Golisano’s Grand Oaks LLC of Pittsford, N.Y. promises customers the acquisition will not result in any changes in Greenlight’s rates or its terms and conditions.

The petition claims the acquisition is in the public interest because it will offer Greenlight much-needed additional capital to accelerate deployment of its fiber network inside Rochester and beyond. Greenlight’s website suggests the company is considering expansion into the New York State cities of Albany, Binghamton, Buffalo, Ithaca, Syracuse, and the Finger Lakes Region. In Connecticut, the company is considering serving Bridgeport, Danbury, Hartford, New Haven, and Stamford (the corporate home of Frontier Communications). Grand Oak also promises to grow jobs at Greenlight and increase operational efficiency at the company.

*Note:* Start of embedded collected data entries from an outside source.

Lemma inertial_descent_sum_ge (R : realFieldType) (u phi a e : nat -> R) (D2 : R) k :
  (forall j, 0 <= phi j <= D2) -> (forall j, 0 <= u j) -> u 0%N = 1 ->
  (forall j, 0 <= a j) -> a 0%N <= 1 -> (forall j, a j.+1 <= a j) ->
  (forall j, u j.+1 * phi j.+1 <= u j * phi j + a j * (phi j - phi j.-1) + e j) ->
  0 <= D2 + \sum_(j < k) e j.
Proof.
move=> phi_bd u_ge0 u0 a_ge0 a0_le1 a_noninc descent.
(* [u K phi K - a K phi (K - 1)] is the Lyapunov function of the inertial scheme *)
have lyap K : u K * phi K - a K * phi K.-1 <= (1 - a K) * D2 + \sum_(j < K) e j.
  elim: K => [|K IH].
    have [_ phi0_le] := andP (phi_bd 0%N).
    have := ler_wpM2l (_ : 0 <= 1 - a 0%N) phi0_le; rewrite big_ord0 u0 /=; lra.
  have [_ phiK_le] := andP (phi_bd K).
  have := ler_wpM2l (_ : 0 <= a K - a K.+1) phiK_le.
  have := descent K; rewrite big_ord_recr /= subr_ge0 a_noninc; lra.
have [phik_ge0 _] := andP (phi_bd k); have [_ phik1_le] := andP (phi_bd k.-1).
have := lyap k; have := mulr_ge0 (u_ge0 k) phik_ge0.
have := ler_wpM2l (a_ge0 k) phik1_le; lra.
Qed.

Section IneIREG.
Variables (R : realType) (n : nat).
Notation vec := 'rV[R]_n.
Variables (F H : vec -> vec) (DomF DomH X Omega : set vec) (LF LH mu : R).
Variables (alpha lambda eta : nat -> R) (x wp y : nat -> vec).
Hypotheses (LF_gt0 : 0 < LF) (LH_gt0 : 0 < LH) (mu_gt0 : 0 < mu).
Hypotheses (monoF : op_monotone DomF F) (lipF : op_lipschitz DomF F LF).
Hypotheses (lipH : op_lipschitz DomH H LH) (smonoH : op_strongly_monotone DomH H mu).
Hypotheses (compactX : compact X) (convX : convex_set_of X) (convO : convex_set_of Omega).
Hypotheses (XO : X `<=` Omega) (ODom : Omega `<=` DomF `&` DomH).
Hypotheses (alpha_ge0 : forall k, 0 <= alpha k) (lambda_gt0 : forall k, 0 < lambda k).
Hypotheses (eta_gt0 : forall k, 0 < eta k).

Local Notation w k := (x k + alpha k *: (x k - x k.-1)).
Local Notation G k v := (F v + eta k *: H v).
Local Notation L k := (LF + eta k * LH).
Local Notation beta k := (((1 - lambda k ^+ 2 * L k ^+ 2)^-1
                           + (2 * lambda k * eta k * mu)^-1)^-1).
Local Notation P j := ((\prod_(i < j) (1 - beta i))^-1).
Local Notation delta k := (alpha k * (1 + alpha k) * enorm (x k - x k.-1) ^+ 2).
Local Notation Q := (VIsol F X).

Hypothesis X_x0 : X (x 0).
Hypothesis iteration : forall k,
  is_eproj Omega (w k) (wp k) /\
  is_eproj X (w k - lambda k *: G k (wp k)) (y k) /\
  is_eproj X (w k - lambda k *: G k (y k)) (x k.+1).
Hypothesis lambda_lt : forall k, lambda k < (L k)^-1.
Hypotheses (alpha0_le1 : alpha 0 <= 1) (alpha_decr : forall k, alpha k.+1 <= (1 - beta k) * alpha k).

Lemma x_in_X k : X (x k).
Proof. by elim: k => [|k IH] //; have [_ [_ []]] := iteration k. Qed.

Lemma y_in_X k : X (y k).
Proof. by have [_ [[]]] := iteration k. Qed.

Lemma descent_coef_gt0 k : 0 < 1 - lambda k ^+ 2 * L k ^+ 2.
Proof.
have L_gt0 : 0 < L k by rewrite addr_gt0 ?mulr_gt0.
have := lambda_lt k; rewrite -(ltr_pM2r L_gt0) mulVf ?gt_eqF // => lamL_lt1.
by rewrite subr_gt0 -exprMn expr_lt1 ?mulr_ge0 ?ltW.
Qed.

Lemma one_sub_beta_gt0 k : 0 < 1 - beta k.
Proof.
set a := 1 - lambda k ^+ 2 * _; set b := 2 * lambda k * eta k * mu.
have a_gt0 : 0 < a := descent_coef_gt0 k.
have b_gt0 : 0 < b by rewrite !mulr_gt0.
have a_le1 : a <= 1 by rewrite gerBl mulr_ge0 ?sqr_ge0.
have s_gt0 : 0 < a^-1 + b^-1 by rewrite addr_gt0 ?invr_gt0.
rewrite subr_gt0 (lt_le_trans _ a_le1) // -[ltRHS]invrK ltf_pV2 ?posrE ?invr_gt0 //.
by rewrite ltrDl invr_gt0.
Qed.

Lemma P_gt0 j : 0 < P j.
Proof. by rewrite invr_gt0 prodr_gt0 // => i _; exact: one_sub_beta_gt0. Qed.

Lemma P_succ j : P j.+1 * (1 - beta j) = P j.
Proof. by rewrite big_ord_recr /= invfM divfK // gt_eqF ?one_sub_beta_gt0. Qed.

Lemma iteration_descent z k : Q z ->
  dotv (x k.+1 - z) (x k.+1 - z)
  <= (1 - beta k) * dotv (w k - z) (w k - z) - 2 * lambda k * eta k * dotv (H z) (y k - z).
Proof.
move=> [Xz z_sol]; have Xy := y_in_X k.
have [proj_wp [proj_y proj_x]] := iteration k.
have [DFwp DHwp] : DomF (wp k) /\ DomH (wp k) by case: proj_wp => /ODom.
have [DFy DHy] := ODom (XO Xy); have [DFz DHz] := ODom (XO Xz).
have G_lip : dotv (G k (wp k) - G k (y k)) (G k (wp k) - G k (y k))
    <= L k ^+ 2 * dotv (w k - y k) (w k - y k).
  have L_ge0 : 0 <= L k by rewrite addr_ge0 ?mulr_ge0 ?ltW.
  have : enorm (G k (wp k) - G k (y k)) ^+ 2 <= (L k * enorm (wp k - y k)) ^+ 2.
    rewrite lerXn2r ?nnegrE ?mulr_ge0 ?enorm_ge0 //.
    by apply: (op_lipschitzD_scale lipF lipH (ltW (eta_gt0 k))); split.
  rewrite exprMn !enorm_sqr => /le_trans; apply.
  by rewrite ler_wpM2l ?sqr_ge0 // (eproj_dist_le convO proj_wp (XO Xy)).
have G_mono : eta k * mu * dotv (y k - z) (y k - z) + eta k * dotv (H z) (y k - z)
    <= dotv (G k (y k)) (y k - z).
  have := ler_wpM2l (ltW (eta_gt0 k)) (smonoH DHy DHz).
  have := monoF DFy DFz; have := z_sol _ Xy; rewrite enorm_sqr.
  have -> : dotv (G k (y k)) (y k - z) = dotv (F (y k) - F z) (y k - z) + dotv (F z) (y k - z)
      + eta k * dotv (H (y k) - H z) (y k - z) + eta k * dotv (H z) (y k - z) by dotv_ring.
  lra.
have lam2_ge0 : 0 <= 2 * lambda k by rewrite mulr_ge0 ?ltW.
have b_gt0 : 0 < 2 * lambda k * eta k * mu by rewrite !mulr_gt0.
have := extragradient_dist_le convX proj_y proj_x Xz.
have := ler_wpM2l (sqr_ge0 (lambda k)) G_lip.
have := ler_wpM2l lam2_ge0 G_mono.
have := harmonic_combination_le (w k - y k) (y k - z) (descent_coef_gt0 k) b_gt0.
rewrite addrA subrK; lra.
Qed.

Lemma dist_sqr_recursion z j : Q z ->
  P j.+1 * dotv (x j.+1 - z) (x j.+1 - z)
  <= P j * dotv (x j - z) (x j - z)
     + P j * alpha j * (dotv (x j - z) (x j - z) - dotv (x j.-1 - z) (x j.-1 - z))
     + (P j * delta j - 2 * (lambda j * eta j * P j.+1 * dotv (H z) (y j - z))).
Proof.
move=> Qz; have := ler_wpM2l (ltW (P_gt0 j.+1)) (iteration_descent j Qz).
rewrite dotv_extrapolation mulrBr [_ * ((1 - _) * _)]mulrA P_succ enorm_sqr; lra.
Qed.

Lemma weighted_gap_sum_le z k : Q z ->
  \sum_(j < k) 2 * (lambda j * eta j * P j.+1 * dotv (H z) (y j - z))
  <= diam_set X ^+ 2 + \sum_(j < k) P j * delta j.
Proof.
move=> Qz; rewrite -subr_ge0 -addrA -sumrB.
have [Xz _] := Qz.
apply: (inertial_descent_sum_ge (u := fun j => P j) (a := fun j => P j * alpha j)
  (phi := fun j => dotv (x j - z) (x j - z))
  (e := fun j => P j * delta j - 2 * (lambda j * eta j * P j.+1 * dotv (H z) (y j - z))))
  => [j|j||j||j|j].
- have D_ge0 := le_trans (enorm_ge0 _) (diam_set_ge compactX Xz Xz).
  rewrite dotvv_ge0 -enorm_sqr lerXn2r ?nnegrE ?enorm_ge0 //.
  exact: diam_set_ge compactX (x_in_X j) Xz.
- exact: ltW (P_gt0 j).
- by rewrite big_ord0 invr1.
- by rewrite mulr_ge0 ?alpha_ge0 ?ltW ?P_gt0.
- by rewrite big_ord0 invr1 mul1r.
- by rewrite -(P_succ j) -mulrA ler_wpM2l ?alpha_decr ?ltW ?P_gt0.
- exact: dist_sqr_recursion.
Qed.

End IneIREG.

Theorem proposition4p6 (R : realType) (n : nat)
  (F H : 'rV[R]_n -> 'rV[R]_n) (DomF DomH X Omega : set 'rV[R]_n)
  (LF LH mu : R) (alpha lambda eta : nat -> R)
  (x wp y : nat -> 'rV[R]_n) :
  0 < LF -> 0 < LH ->
  op_monotone DomF F -> op_lipschitz DomF F LF ->
  op_monotone DomH H -> op_lipschitz DomH H LH ->
  0 < mu -> op_strongly_monotone DomH H mu ->
  X !=set0 -> compact X -> convex_set_of X ->
  Omega !=set0 -> closed Omega -> convex_set_of Omega ->
  X `<=` Omega -> Omega `<=` DomF `&` DomH ->
  VIsol F X !=set0 ->
  (forall k, 0 <= alpha k) -> (forall k, 0 < lambda k) -> (forall k, 0 < eta k) ->
  X (x 0) ->
  (forall k, let w := x k + alpha k *: (x k - x k.-1) in
     is_eproj Omega w (wp k) /\
     is_eproj X (w - lambda k *: (F (wp k) + eta k *: H (wp k))) (y k) /\
     is_eproj X (w - lambda k *: (F (y k) + eta k *: H (y k))) (x k.+1)) ->
  let L k := LF + eta k * LH in
  (forall k, lambda k < (L k)^-1) ->
  let beta k := ((1 - lambda k ^+ 2 * L k ^+ 2)^-1
                 + (2 * lambda k * eta k * mu)^-1)^-1 in
  0 <= alpha 0 <= 1 ->
  (forall k, alpha k.+1 <= (1 - beta k) * alpha k) ->
  (* P j = p_{j-1}: P 0 = p_{-1} = 1, P (k+1) = p_k *)
  let P j := (\prod_(i < j) (1 - beta i))^-1 in
  let delta k := alpha k * (1 + alpha k) * enorm (x k - x k.-1) ^+ 2 in
  let Q := VIsol F X in
  forall k, (1 <= k)%N ->
  let Lam := \sum_(j < k) lambda j * eta j * P j.+1 in
  let ybar := Lam^-1 *: \sum_(j < k) (lambda j * eta j * P j.+1) *: y j in
  - bound_on H Q * dist_to ybar Q <= Gap ybar H Q /\
  Gap ybar H Q <= Lam^-1 * ((diam_set X ^+ 2 + \sum_(j < k) P j * delta j) / 2).
Proof.
move=> LF_gt0 LH_gt0 monoF lipF _ lipH mu_gt0 smonoH _ compactX convX _ _ convO XO ODom
  Q_neq0 alpha_ge0 lambda_gt0 eta_gt0 X_x0 iteration L lambda_lt beta alpha0 alpha_decr
  P delta Q k k_ge1 Lam ybar.
have [_ alpha0_le1] := andP alpha0.
have gap_sum := weighted_gap_sum_le LF_gt0 LH_gt0 mu_gt0 monoF lipF lipH smonoH compactX
  convX convO XO ODom alpha_ge0 lambda_gt0 eta_gt0 X_x0 iteration lambda_lt alpha0_le1
  alpha_decr.
have c_gt0 j : 0 < lambda j * eta j * P j.+1 by rewrite !mulr_gt0 //; apply: P_gt0.
have Lam_gt0 : 0 < Lam.
  rewrite /Lam -(subnK k_ge1) addn1 big_ord_recr /= ltr_wpDl //.
  by rewrite sumr_ge0 // => j _; rewrite ltW.
have gap_ub z : Q z ->
    dotv (H z) (ybar - z) <= Lam^-1 * ((diam_set X ^+ 2 + \sum_(j < k) P j * delta j) / 2).
  move=> Qz; rewrite /ybar /Lam (dotv_wavg (c := fun j => lambda j * eta j * P j.+1)) /=.
    by rewrite ler_pM2l ?invr_gt0 // ler_pdivlMr // mulrC mulr_sumr gap_sum.
  by rewrite gt_eqF.
split; last exact: Gap_le Q_neq0 gap_ub.
apply: Gap_ge_bound_dist Q_neq0 (ex_intro _ _ gap_ub) _.
have [B H_le] : exists B, forall v, X v -> enorm (H v) <= B.
  by apply: op_lipschitz_compact_bounded lipH (ltW LH_gt0) compactX _ X_x0 => v /XO /ODom[].
by exists B => v [/H_le].
Qed.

Golisano is well-known in Rochester as an entrepreneur, philanthropist, and civic leader. Golisano founded Paychex, a leading national payroll service provider in 1971. After his retirement in 2004, Golisano has been actively involved in local civic causes and advocates for policies promoting improvement in the economy of western New York State.

The application is likely to be approved, but not soon enough to combat Charter Communications’ accelerated broadband upgrades across New York State. By early summer, Spectrum customers across New York State will receive 200 Mbps Standard service, 400 Mbps Ultra service, or 940 Mbps (nearly gigabit) Gigabit service from the cable operator at prices ranging from $65-125 a month. In contrast, Greenlight currently offers customers 100 Mbps for $50, 500 Mbps for $75, or 1,000 Mbps for $100 a month.